Somalia steps up war against fresh locust invasion

Somalia is deploying surveillance teams and specialized vehicles to prevent desert locust swarms ravaging crops and pastures, and destroying the livelihoods of hundreds of thousands of people, United Nations and government officials said on Monday. The worst outbreak in a generation has seen hungry swarms sweep across Somalia, Ethiopia and Kenya since December, destroying swathes of farm and grazing land. Now, a second-generation has spawned, just as crops are being planted for the new season, threatening the livelihoods of more than 20 million people in the Horn of Africa. Somalia’s Agriculture Minister Said Hussein Iid said despite the challenges posed by the COVID-19 pandemic, authorities would do what they could to help farmers and herders at risk of losing their crops and livestock due to the locust infestation. “Even in times of coronavirus, we must not forget the massive threat that desert locusts pose to Somalia’s food security and livelihoods,” said Hussein in a statement. Locust swarms are not new to east Africa, but climate scientists say erratic weather linked to global warming has created ideal conditions for the insects to surge in numbers not seen in a quarter of a century.
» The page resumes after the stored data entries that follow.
(* Let $R>0$ and $s\in\{-R,\,iR\}$. Then the Voiculescu transform of $a^{1/2}_s$ is $\phi_{a^{1/2}_s}(z)=2isz^{1/2}-s^2$; consequently $a^{1/2}_{-R}$ and $a^{1/2}_{iR}$ are freely $\tfrac12$-stable but not strictly freely stable.
   Context: For $w\in\mathbb{C}\setminus[0,\infty)$ and $p\in\{\alpha,1/\alpha\}$, $w^p:=e^{p\log_{(1)}w}$ with $\operatorname{Im}\log_{(1)}w\in(0,2\pi)$; $(-1)^{\alpha-1}:=e^{i(\alpha-1)\pi}$. For $0<\alpha\le1$ and $(1-\alpha)\pi\le\arg s\le\pi$, the monotone $\alpha$-stable law $a^\alpha_s$ is the probability measure on $\mathbb{R}$ with reciprocal Cauchy transform $F_{a^\alpha_s}(z)=1/\int\frac{a^\alpha_s(dx)}{z-x}=(z^\alpha+(-1)^{\alpha-1}s)^{1/\alpha}$ on $\mathbb{C}_+$ (so $F_{a^{1/2}_s}(z)=(z^{1/2}-is)^2$). For a probability measure $\mu$, $F_\mu=1/G_\mu$ is univalent on a truncated cone $\Gamma_{\eta,M}=\{\operatorname{Im}z>M,\ \operatorname{Im}z>\eta|\operatorname{Re}z|\}$ whose image contains another such cone; the Voiculescu transform is $\phi_\mu(z)=F_\mu^{-1}(z)-z$ on that cone. A probability measure is freely $\tfrac12$-stable iff $\phi_\mu(z)=bz^{1/2}+c$ with $c\in\mathbb{R}$ and $\arg b\in[\pi,3\pi/2]$, and strictly freely $\tfrac12$-stable iff moreover $c=0$. *)

From Stdlib Require Import Reals Lra.
Open Scope R_scope.

Record Cplx := mkC { Re : R ; Im : R }.

Definition Cadd (z w : Cplx) : Cplx := mkC (Re z + Re w) (Im z + Im w).
Definition Csub (z w : Cplx) : Cplx := mkC (Re z - Re w) (Im z - Im w).
Definition Cmul (z w : Cplx) : Cplx :=
  mkC (Re z * Re w - Im z * Im w) (Re z * Im w + Im z * Re w).
Definition RtoC (x : R) : Cplx := mkC x 0.
Definition Ci : Cplx := mkC 0 1.
Definition Cmod (z : Cplx) : R := sqrt (Re z ^ 2 + Im z ^ 2).

Definition Cexpi (t : R) : Cplx := mkC (cos t) (sin t).

Definition upper (z : Cplx) : Prop := 0 < Im z.

Definition off_pos_axis (w : Cplx) : Prop := ~ (Im w = 0 /\ 0 <= Re w).

(** The branch of the argument with values in (0, 2pi) on C \ [0,oo)
    (defined totally; only meaningful off [0,oo)). *)
Definition arg1 (w : Cplx) : R :=
  if Rle_dec 0 (Im w) then acos (Re w / Cmod w)
  else 2 * PI - acos (Re w / Cmod w).

Definition log1 (w : Cplx) : Cplx := mkC (ln (Cmod w)) (arg1 w).

Definition Cexp (z : Cplx) : Cplx := mkC (exp (Re z) * cos (Im z)) (exp (Re z) * sin (Im z)).

Definition cpow (w : Cplx) (p : R) : Cplx := Cexp (Cmul (RtoC p) (log1 w)).

(** Reciprocal Cauchy transform of the monotone alpha-stable law a^alpha_s:
    F(z) = (z^alpha + (-1)^(alpha-1) s)^(1/alpha), with (-1)^(alpha-1) := e^{i(alpha-1)pi}. *)
Definition F_monotone_stable (alpha : R) (s : Cplx) (z : Cplx) : Cplx :=
  cpow (Cadd (cpow z alpha) (Cmul (Cexpi ((alpha - 1) * PI)) s)) (1 / alpha).

Definition cone (eta M : R) (z : Cplx) : Prop :=
  M < Im z /\ eta * Rabs (Re z) < Im z.

(** phi is the Voiculescu transform of (the reciprocal Cauchy transform) F:
    F is univalent on some truncated cone Gamma_{eta,M}, its image contains
    another truncated cone Gamma_{eta',M'}, and on the latter
    phi(z) = F^{-1}(z) - z, F^{-1} being the inverse of F restricted to Gamma_{eta,M}. *)
Definition voiculescu_transform (F : Cplx -> Cplx) (phi : Cplx -> Cplx) : Prop :=
  exists eta M eta' M' : R,
    0 < eta /\ 0 < M /\ 0 < eta' /\ 0 < M' /\
    (forall z1 z2, cone eta M z1 -> cone eta M z2 -> F z1 = F z2 -> z1 = z2) /\
    (forall z, cone eta' M' z ->
       exists w, cone eta M w /\ F w = z /\ phi z = Csub w z).

(** Freely 1/2-stable (via the characterization of its Voiculescu transform):
    phi(z) = b z^{1/2} + c with c real and arg b in [pi, 3pi/2]. *)
Definition freely_half_stable (F : Cplx -> Cplx) : Prop :=
  exists (b : Cplx) (c : R),
    b <> RtoC 0 /\ PI <= arg1 b <= 3 * PI / 2 /\
    voiculescu_transform F (fun z => Cadd (Cmul b (cpow z (1/2))) (RtoC c)).

Definition strictly_freely_half_stable (F : Cplx -> Cplx) : Prop :=
  exists (b : Cplx),
    b <> RtoC 0 /\ PI <= arg1 b <= 3 * PI / 2 /\
    voiculescu_transform F (fun z => Cadd (Cmul b (cpow z (1/2))) (RtoC 0)).

(** For [alpha = 1/2] the reciprocal Cauchy transform is a shifted square,
    [F(z) = (z^(1/2) + c)^2] with [c = -i s]; for [s = -R] or [s = iR] the
    shift [c] is [iR] or [R], a nonzero point of the closed first quadrant.

    For a shift [c] in the
    first quadrant, [F] is then univalent on the upper half-plane and
    [(z^(1/2) - c)^2] is an explicit inverse on a truncated cone, so the
    Voiculescu transform is [(z^(1/2) - c)^2 - z = -2c z^(1/2) + c^2].
    Univalence also forces this formula on the imaginary axis for any
    transform, which rules out a vanishing constant term when [c <> 0].
    Finally [c^2] is real and [-2c] lies in the third quadrant, so the
    characterization of free 1/2-stability applies. *)

From Stdlib Require Import Reals Lra Psatz FunctionalExtensionality.
Open Scope R_scope.

Lemma Ceq (z w : Cplx) : Re z = Re w -> Im z = Im w -> z = w.
Proof. destruct z, w; simpl; intros; subst; reflexivity. Qed.

Lemma Cmod_sq (w : Cplx) : Cmod w * Cmod w = Re w ^ 2 + Im w ^ 2.
Proof. unfold Cmod; apply sqrt_sqrt; nra. Qed.

Lemma Cmod_pos (w : Cplx) : 0 < Re w ^ 2 + Im w ^ 2 -> 0 < Cmod w.
Proof. intros; unfold Cmod; apply sqrt_lt_R0; auto. Qed.

Lemma cos_arg_bound (w : Cplx) :
  0 < Re w ^ 2 + Im w ^ 2 -> -1 <= Re w / Cmod w <= 1.
Proof.
  intros H. pose proof (Cmod_pos w H) as Hm. pose proof (Cmod_sq w) as Hs.
  assert ((Re w / Cmod w) ^ 2 <= 1); [|nra].
  replace ((Re w / Cmod w) ^ 2) with (Re w ^ 2 / (Cmod w * Cmod w)) by (field; lra).
  apply Rmult_le_reg_r with (Cmod w * Cmod w); [nra|].
  unfold Rdiv; rewrite Rmult_assoc, Rinv_l by nra. nra.
Qed.

Lemma cos_arg_unit (w : Cplx) (e : R) :
  0 < Re w ^ 2 + Im w ^ 2 -> e * e = 1 -> Re w / Cmod w = e ->
  Re w = e * Cmod w /\ Im w = 0.
Proof.
  intros H He E. pose proof (Cmod_pos w H) as Hm. pose proof (Cmod_sq w) as Hs.
  assert (Ha : Re w = e * Cmod w) by (rewrite <- E; field; lra).
  split; [exact Ha|]. rewrite Ha in Hs. nra.
Qed.

Lemma acos_cos_arg_0 (w : Cplx) :
  0 < Re w ^ 2 + Im w ^ 2 -> acos (Re w / Cmod w) = 0 -> 0 < Re w /\ Im w = 0.
Proof.
  intros H E. pose proof (Cmod_pos w H).
  destruct (cos_arg_unit w 1 H ltac:(ring)) as [Ha Hb]; [|split; lra].
  rewrite <- (cos_acos (Re w / Cmod w)), E, cos_0 by (apply cos_arg_bound; exact H). reflexivity.
Qed.

Lemma acos_cos_arg_PI (w : Cplx) :
  0 < Re w ^ 2 + Im w ^ 2 -> acos (Re w / Cmod w) = PI -> Im w = 0.
Proof.
  intros H E.
  destruct (cos_arg_unit w (-1) H ltac:(ring)) as [_ Hb]; [|exact Hb].
  rewrite <- (cos_acos (Re w / Cmod w)), E, cos_PI by (apply cos_arg_bound; exact H). reflexivity.
Qed.

Lemma Cexp_log1 (w : Cplx) : 0 < Re w ^ 2 + Im w ^ 2 -> Cexp (log1 w) = w.
Proof.
  intros H. pose proof (Cmod_pos w H) as Hm. pose proof (Cmod_sq w) as Hs.
  pose proof (cos_arg_bound w H) as Hx.
  set (m := Cmod w) in *. set (a := Re w) in *. set (b := Im w) in *.
  assert (Hsin : sqrt (1 - (a / m)²) = Rabs b / m).
  { replace (1 - (a / m)²) with ((Rabs b / m) ^ 2).
    2:{ replace ((Rabs b / m) ^ 2) with (Rabs b ^ 2 / (m * m)) by (field; lra).
        rewrite pow2_abs. unfold Rsqr. field_simplify; try lra.
        replace (m ^ 2) with (m * m) by ring. rewrite Hs. field. nra. }
    apply sqrt_pow2. apply Rmult_le_pos; [apply Rabs_pos|left; apply Rinv_0_lt_compat; lra]. }
  assert (Hturn : 2 * PI - acos (a / m) = - acos (a / m) + 2 * INR 1 * PI) by (simpl; ring).
  unfold log1, Cexp, arg1; simpl. fold m a b. rewrite exp_ln by lra.
  destruct (Rle_dec 0 b); apply Ceq; simpl; fold a b.
  - rewrite cos_acos by lra. field; lra.
  - rewrite sin_acos, Hsin, Rabs_right by lra. field; lra.
  - rewrite Hturn, cos_period, cos_neg, cos_acos by lra. field; lra.
  - rewrite Hturn, sin_period, sin_neg, sin_acos, Hsin, Rabs_left by lra. field; lra.
Qed.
Somalia declared the infestation a national emergency on Feb. 2, but the war-ravaged nation has struggled to control the swarms due to insecurity, remote locations and a lack of resources. An estimated 4.5 million people in Somalia, including its breakaway regions of Somaliland and Puntland, are at risk of hunger and loss their livelihood, according to the U.N. Food and Agriculture Organization (FAO). Rural areas and populations will be most affected by the infestation, including riverine farmers, agropastoralists, pastoralists and those already displaced, it added.